Use curl to download utf8.tar.

DBI

First, we'll enhance the connection to the database. Because it's a bit more work now, and work that we always have to do, we'll put this function in a new module that I've called dbi for DataBase Interface.

Here's the function that gets a connection:

def getConn(db):
    conn = MySQLdb.connect(host='localhost',
                           user='ubuntu',
                           passwd='',
                           db=db)
    conn.set_character_set('utf8')
    curs = conn.cursor()
    curs.execute('set names utf8;')
    curs.execute('set character set utf8;')
    curs.execute('set character_set_connection=utf8;')
    return conn

These say that when we send stuff to the client, we want it sent using UTF8, which is a particular encoding of Unicode. UTF-8 is an extremely common encoding, and one that is not going to break if someone uses 💩 (pile of poo). Latin-1 is a different encoding and can't handle pile of poo.

Unicode strings

The MySQLdb api still gives us byte strings instead of unicode strings. So, we need to convert them. Since any Python code that uses non-ASCII needs these functions, we'll add them to our dbi module.

First a generic converter. This function assumes that the byte string is represented using UTF-8.

def utf8(val):
    return unicode(val,'utf8') if type(val) is str else val

Rows

Rows can be represented as either tuples or dictionaries, so we should be able to convert either kind:

def dict2utf8(dic):
    '''Because dictionaries are mutable,
this mutates the dictionary;
it also returns it'''
    for k,v in dic.iteritems():
        dic[k] = utf8(v)
    return dic

def tuple2utf8(tup):
    '''returns a new tuple, with byte strings
converted to unicode strings'''
    return tuple(map(utf8,tup))

For convenience, let's write a generic conversion function:

def row2utf8(row):
    if type(row) is tuple:
        return tuple2utf8(row)
    elif type(row) is dict:
        return dict2utf8(row)
    else:
        raise TypeError('row is of unhandled type')

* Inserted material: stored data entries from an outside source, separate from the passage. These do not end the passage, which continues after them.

Definition crp_feasible (xi : 'I_I -> 'I_J -> R) : Prop :=
  in_RG xi /\ (forall i j, 0 <= xi i j) /\
  (forall i, \sum_(j < J) mu i j * nu j * xi i j = lam i).

Definition crp_objective (xi : 'I_I -> 'I_J -> R) : R :=
  \big[Num.max/0]_(j < J) \sum_(i < I) xi i j.

Definition crp_optimal (xi : 'I_I -> 'I_J -> R) : Prop :=
  crp_feasible xi /\
  forall xi', crp_feasible xi' -> crp_objective xi <= crp_objective xi'.

Definition CRP (xi_star : 'I_I -> 'I_J -> R) : Prop :=
  crp_optimal xi_star /\
  (forall xi, crp_optimal xi -> forall i j, xi i j = xi_star i j) /\
  (forall j, \sum_(i < I) xi_star i j = 1) /\
  (forall i j, E i j -> 0 < xi_star i j).

Variables (lamhat : 'I_I -> R) (muhat : 'I_I -> 'I_J -> R) (nuhat : 'I_J -> R).

Definition theta (xi_star : 'I_I -> 'I_J -> R) (j : 'I_J) : R :=
  nuhat j + \sum_(i < I | E i j) (muhat i j / mu i j) * (xi_star i j * nu j).

Definition swss_feasible (xi_star : 'I_I -> 'I_J -> R) (p : 'I_I -> R)
    (v : R) (kappa : 'I_I -> 'I_J -> R) : Prop :=
  in_RG kappa /\
  (forall i, lamhat i <= \sum_(j < J | E i j) mu i j * kappa i j - v * p i) /\
  (forall j, \sum_(i < I | E i j) kappa i j = theta xi_star j).

(* v is the optimal value of the SWSS LP (i.e. v = vartheta_p) *)
Definition is_swss_value (xi_star : 'I_I -> 'I_J -> R) (p : 'I_I -> R)
    (v : R) : Prop :=
  (exists kappa, swss_feasible xi_star p v kappa) /\
  (forall v' kappa, swss_feasible xi_star p v' kappa -> v' <= v).

(* A path i = i_1, j_1, i_2, j_2, ..., i_m, j_m = j is encoded as
   (j_1, [:: (i_2, j_2); ...; (i_m, j_m)]); its length parameter is m-1. *)
Fixpoint walkIJ (cur : 'I_J) (t : seq ('I_I * 'I_J)) (target : 'I_J) : bool :=
  match t with
  | [::] => cur == target
  | (i2, j2) :: t' => [&& E i2 cur, E i2 j2 & walkIJ j2 t' target]
  end.

Definition pathIJ (i : 'I_I) (j : 'I_J) (pt : 'I_J * seq ('I_I * 'I_J)) : bool :=
  E i pt.1 && walkIJ pt.1 pt.2 j.

Definition shortest_pathIJ i j (pt : 'I_J * seq ('I_I * 'I_J)) : Prop :=
  pathIJ i j pt /\ forall pt', pathIJ i j pt' -> (size pt.2 <= size pt'.2)%N.

Fixpoint gain_tailIJ (cur : 'I_J) (t : seq ('I_I * 'I_J)) : R :=
  match t with
  | [::] => 1
  | (i2, j2) :: t' => mu i2 j2 / mu i2 cur * gain_tailIJ j2 t'
  end.

Definition gainIJ (i : 'I_I) (pt : 'I_J * seq ('I_I * 'I_J)) : R :=
  mu i pt.1 * gain_tailIJ pt.1 pt.2.

(* d(i,j), computed along the (unique) shortest path from i to j *)
Definition dIJ (i : 'I_I) (j : 'I_J) : R :=
  gainIJ i (epsilon (inhabits (j, [::])) (shortest_pathIJ i j)).

(* A path i = i_1, j_1, i_2, ..., j_{m-1}, i_m = i' is encoded as
   [:: (j_1, i_2); ...; (j_{m-1}, i_m)]. *)
Fixpoint walkII (cur : 'I_I) (t : seq ('I_J * 'I_I)) (target : 'I_I) : bool :=
  match t with
  | [::] => cur == target
  | (j, i2) :: t' => [&& E cur j, E i2 j & walkII i2 t' target]
  end.

Definition shortest_pathII i i' (t : seq ('I_J * 'I_I)) : Prop :=
  walkII i t i' /\ forall t', walkII i t' i' -> (size t <= size t')%N.

Fixpoint gainII (cur : 'I_I) (t : seq ('I_J * 'I_I)) : R :=
  match t with
  | [::] => 1
  | (j, i2) :: t' => mu cur j / mu i2 j * gainII i2 t'
  end.

Definition dII (i i' : 'I_I) : R :=
  if i == i' then 1
  else gainII i (epsilon (inhabits [::]) (shortest_pathII i i')).

End Defs.

(* Call (w, c) a positive potential of the network if w_l > 0, c_j > 0 and
   w_l * mu_lj = c_j on every edge l ~ j.  Along any path the gains
   telescope, so d(i,j) = c_j / w_i and d(i,l) = w_l / w_i.  Multiplying the
   class constraints of the SWSS program by w_l and summing, the pool
   constraints turn the left-hand side into sum_j c_j theta_j; this bounds
   every feasible value by
       (sum_j c_j theta_j - sum_l w_l lamhat_l) / (sum_l w_l p_l).
   On a tree the incidence matrix (one row per edge) has rank I + J - 1:
   this yields a positive potential (the left kernel of its transpose is a
   line) and shows that every target balanced against (w, c) is the vector
   of class and pool sums of some array kappa; the bound is thus attained. *)

From mathcomp Require Import all_boot all_order all_algebra.
From mathcomp Require Import reals.
From mathcomp Require Import zify ring lra.
From Stdlib Require Import ClassicalEpsilon.
Set Implicit Arguments. Unset Strict Implicit. Unset Printing Implicit Defensive.
Import Order.TTheory GRing.Theory Num.Theory.
Local Open Scope ring_scope.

That's the meat of the dbi.py module.

use diff to compare wmdb-ascii.sql with wmdb.sql.
load the wmdb.sql file into MySQL
read the testing code end of the dbi.py module.
run the dbi.py script to see it in action.

people.py

How does our custom database interaction module have to change? First, when we get our list of people, we need to convert them all to unicode strings:

def getPeople(conn):
    '''Returns a list of rows, as dictionaries.'''
    curs = conn.cursor(MySQLdb.cursors.DictCursor)
    curs.execute('select name,birthdate from person')
    all = curs.fetchall()
    for p in all:
        dbi.row2utf8(p)
    return all

That's pretty much it.

read the testing code end of the people.py module.
run the people.py script to see it in action.
pipe the output through grep to focus on just Chalamet:
```
python people.py | grep Chalamet
```

Browser Charset

We have to tell the browser that we are using UTF-8 (as opposed to Latin1 or ASCII). We've actually been doing this all along. Look at the top of templates/people-list.html and you'll see:

<meta charset="utf-8">

See more about the meta tag.

Our Flask App

How does our app have to change? Not at all! All the ugliness has been hidden.

@app.route('/people/')
def displayPeople():
    conn = dbi.getConn('wmdb')
    # we could also write a different query
    # getting a subset of the people
    # and render it with the same template
    all = people.getPeople(conn)
    now = servertime.now()
    desc = 'All people as of {}'.format(now), 
    return render_template('people-list.html', 
                          desc=desc,
                          people=all)

run the app
click on the people list link
search for Chalamet to see that he's handled correctly.

Summary

Use UTF-8 throughout, and you'll probably be safe.

Summer Example

You may find the ete.py example interesting:

ete_str = '\xc3\xa9t\xc3\xa9'
ete_utf8 = unicode(ete_str,'utf8')
ete_latin1 = ete_utf8.encode('latin1')

print 'byte string',len(ete_str),ete_str
print 'utf8',len(ete_utf8),ete_utf8.encode('utf8')
print 'latin1',len(ete_latin1),ete_latin1

Run the example
Consider the lengths of the strings. Is that what you expected?
Consider the output. What's wrong with the latin1 string?
Do
```
printenv LC_ALL
```
This shows that our shell is expecting UTF-8, not Latin1.